(Source data begins)
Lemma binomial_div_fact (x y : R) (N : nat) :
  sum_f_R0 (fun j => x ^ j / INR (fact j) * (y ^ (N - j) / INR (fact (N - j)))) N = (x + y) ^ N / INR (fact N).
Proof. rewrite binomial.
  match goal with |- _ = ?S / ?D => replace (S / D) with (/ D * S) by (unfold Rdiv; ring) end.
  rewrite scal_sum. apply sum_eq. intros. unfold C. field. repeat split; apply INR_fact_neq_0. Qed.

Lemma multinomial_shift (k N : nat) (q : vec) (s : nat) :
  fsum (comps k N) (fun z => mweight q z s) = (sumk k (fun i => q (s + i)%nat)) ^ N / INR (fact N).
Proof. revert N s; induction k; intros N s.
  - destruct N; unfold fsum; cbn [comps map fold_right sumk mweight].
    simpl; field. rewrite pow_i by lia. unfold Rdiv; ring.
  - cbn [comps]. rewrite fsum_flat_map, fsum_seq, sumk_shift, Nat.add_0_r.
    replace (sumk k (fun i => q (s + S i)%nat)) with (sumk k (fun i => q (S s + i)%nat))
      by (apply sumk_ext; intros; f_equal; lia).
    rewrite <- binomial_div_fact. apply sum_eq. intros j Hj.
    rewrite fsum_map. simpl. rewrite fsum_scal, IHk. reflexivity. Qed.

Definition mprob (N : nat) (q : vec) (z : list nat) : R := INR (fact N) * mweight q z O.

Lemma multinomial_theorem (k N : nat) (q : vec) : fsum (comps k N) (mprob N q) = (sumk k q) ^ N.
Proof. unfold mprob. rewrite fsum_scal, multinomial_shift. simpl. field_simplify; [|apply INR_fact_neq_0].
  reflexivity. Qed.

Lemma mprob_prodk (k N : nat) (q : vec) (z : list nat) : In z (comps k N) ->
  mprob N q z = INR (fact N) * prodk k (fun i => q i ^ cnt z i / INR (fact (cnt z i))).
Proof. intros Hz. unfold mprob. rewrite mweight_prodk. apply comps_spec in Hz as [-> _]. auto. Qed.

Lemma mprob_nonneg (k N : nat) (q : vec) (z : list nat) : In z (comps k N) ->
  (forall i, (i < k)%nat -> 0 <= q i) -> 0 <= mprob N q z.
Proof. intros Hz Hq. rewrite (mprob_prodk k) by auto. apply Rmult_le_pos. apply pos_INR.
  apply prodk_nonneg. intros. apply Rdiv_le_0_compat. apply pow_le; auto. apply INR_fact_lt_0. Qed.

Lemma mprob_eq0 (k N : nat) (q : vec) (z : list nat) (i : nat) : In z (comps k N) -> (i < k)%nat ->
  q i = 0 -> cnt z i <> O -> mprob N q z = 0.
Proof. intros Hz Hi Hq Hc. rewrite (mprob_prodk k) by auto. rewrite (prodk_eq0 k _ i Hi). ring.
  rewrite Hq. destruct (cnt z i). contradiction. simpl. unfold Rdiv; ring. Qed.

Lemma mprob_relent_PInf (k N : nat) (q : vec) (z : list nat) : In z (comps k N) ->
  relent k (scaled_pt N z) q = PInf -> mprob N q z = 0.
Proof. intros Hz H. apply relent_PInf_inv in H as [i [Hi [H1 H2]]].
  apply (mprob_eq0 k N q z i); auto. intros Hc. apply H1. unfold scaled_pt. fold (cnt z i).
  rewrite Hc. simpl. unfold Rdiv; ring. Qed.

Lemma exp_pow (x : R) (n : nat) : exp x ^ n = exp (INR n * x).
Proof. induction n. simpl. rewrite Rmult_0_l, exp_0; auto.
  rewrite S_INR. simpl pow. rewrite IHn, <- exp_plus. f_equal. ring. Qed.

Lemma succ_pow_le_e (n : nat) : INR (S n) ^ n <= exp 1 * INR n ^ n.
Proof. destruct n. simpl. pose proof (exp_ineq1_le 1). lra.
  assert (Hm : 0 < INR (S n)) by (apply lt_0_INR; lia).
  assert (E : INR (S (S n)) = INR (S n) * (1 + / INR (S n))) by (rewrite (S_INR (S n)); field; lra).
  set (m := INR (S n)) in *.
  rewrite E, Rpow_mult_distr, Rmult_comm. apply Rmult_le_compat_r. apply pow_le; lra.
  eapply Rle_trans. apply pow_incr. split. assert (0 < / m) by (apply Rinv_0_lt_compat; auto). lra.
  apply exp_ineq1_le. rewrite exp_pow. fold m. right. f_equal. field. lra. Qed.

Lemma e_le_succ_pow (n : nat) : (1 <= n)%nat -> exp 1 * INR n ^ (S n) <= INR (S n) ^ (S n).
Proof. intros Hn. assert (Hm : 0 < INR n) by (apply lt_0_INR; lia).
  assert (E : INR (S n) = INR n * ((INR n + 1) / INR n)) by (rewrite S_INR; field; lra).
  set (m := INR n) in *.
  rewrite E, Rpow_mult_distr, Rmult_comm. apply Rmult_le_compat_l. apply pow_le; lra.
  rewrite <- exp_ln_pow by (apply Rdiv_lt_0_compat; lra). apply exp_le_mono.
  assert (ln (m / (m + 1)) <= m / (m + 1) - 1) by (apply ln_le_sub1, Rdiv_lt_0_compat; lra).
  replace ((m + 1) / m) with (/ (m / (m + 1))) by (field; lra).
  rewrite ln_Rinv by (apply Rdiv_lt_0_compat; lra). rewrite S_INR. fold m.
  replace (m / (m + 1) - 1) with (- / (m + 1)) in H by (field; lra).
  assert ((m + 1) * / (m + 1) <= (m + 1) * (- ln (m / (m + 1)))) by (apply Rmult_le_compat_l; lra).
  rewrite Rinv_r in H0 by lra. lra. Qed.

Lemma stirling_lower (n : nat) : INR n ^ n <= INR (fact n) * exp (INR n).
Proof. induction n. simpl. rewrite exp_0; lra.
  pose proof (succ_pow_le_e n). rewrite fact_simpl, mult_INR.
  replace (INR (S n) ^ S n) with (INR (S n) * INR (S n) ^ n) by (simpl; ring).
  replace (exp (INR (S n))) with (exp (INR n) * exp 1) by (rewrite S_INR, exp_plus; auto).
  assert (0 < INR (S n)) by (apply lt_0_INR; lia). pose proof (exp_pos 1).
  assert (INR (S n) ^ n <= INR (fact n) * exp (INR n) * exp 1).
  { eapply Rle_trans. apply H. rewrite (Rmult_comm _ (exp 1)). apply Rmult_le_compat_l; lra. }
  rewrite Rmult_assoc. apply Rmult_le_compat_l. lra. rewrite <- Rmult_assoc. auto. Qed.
(Source data ends)
**Task details**
An exact copy of the lines above, from the one containing "rewrite Hc. simpl. unfold Rdiv; ring. Qed." through the one containing "assert (E : INR (S (S", is the whole of the answer.

**Written answer**
  rewrite Hc. simpl. unfold Rdiv; ring. Qed.

Lemma exp_pow (x : R) (n : nat) : exp x ^ n = exp (INR n * x).
Proof. induction n. simpl. rewrite Rmult_0_l, exp_0; auto.
  rewrite S_INR. simpl pow. rewrite IHn, <- exp_plus. f_equal. ring. Qed.

Lemma succ_pow_le_e (n : nat) : INR (S n) ^ n <= exp 1 * INR n ^ n.
Proof. destruct n. simpl. pose proof (exp_ineq1_le 1). lra.
  assert (Hm : 0 < INR (S n)) by (apply lt_0_INR; lia).
  assert (E : INR (S (S n)) = INR (S n) * (1 + / INR (S n))) by (rewrite (S_INR (S n)); field; lra).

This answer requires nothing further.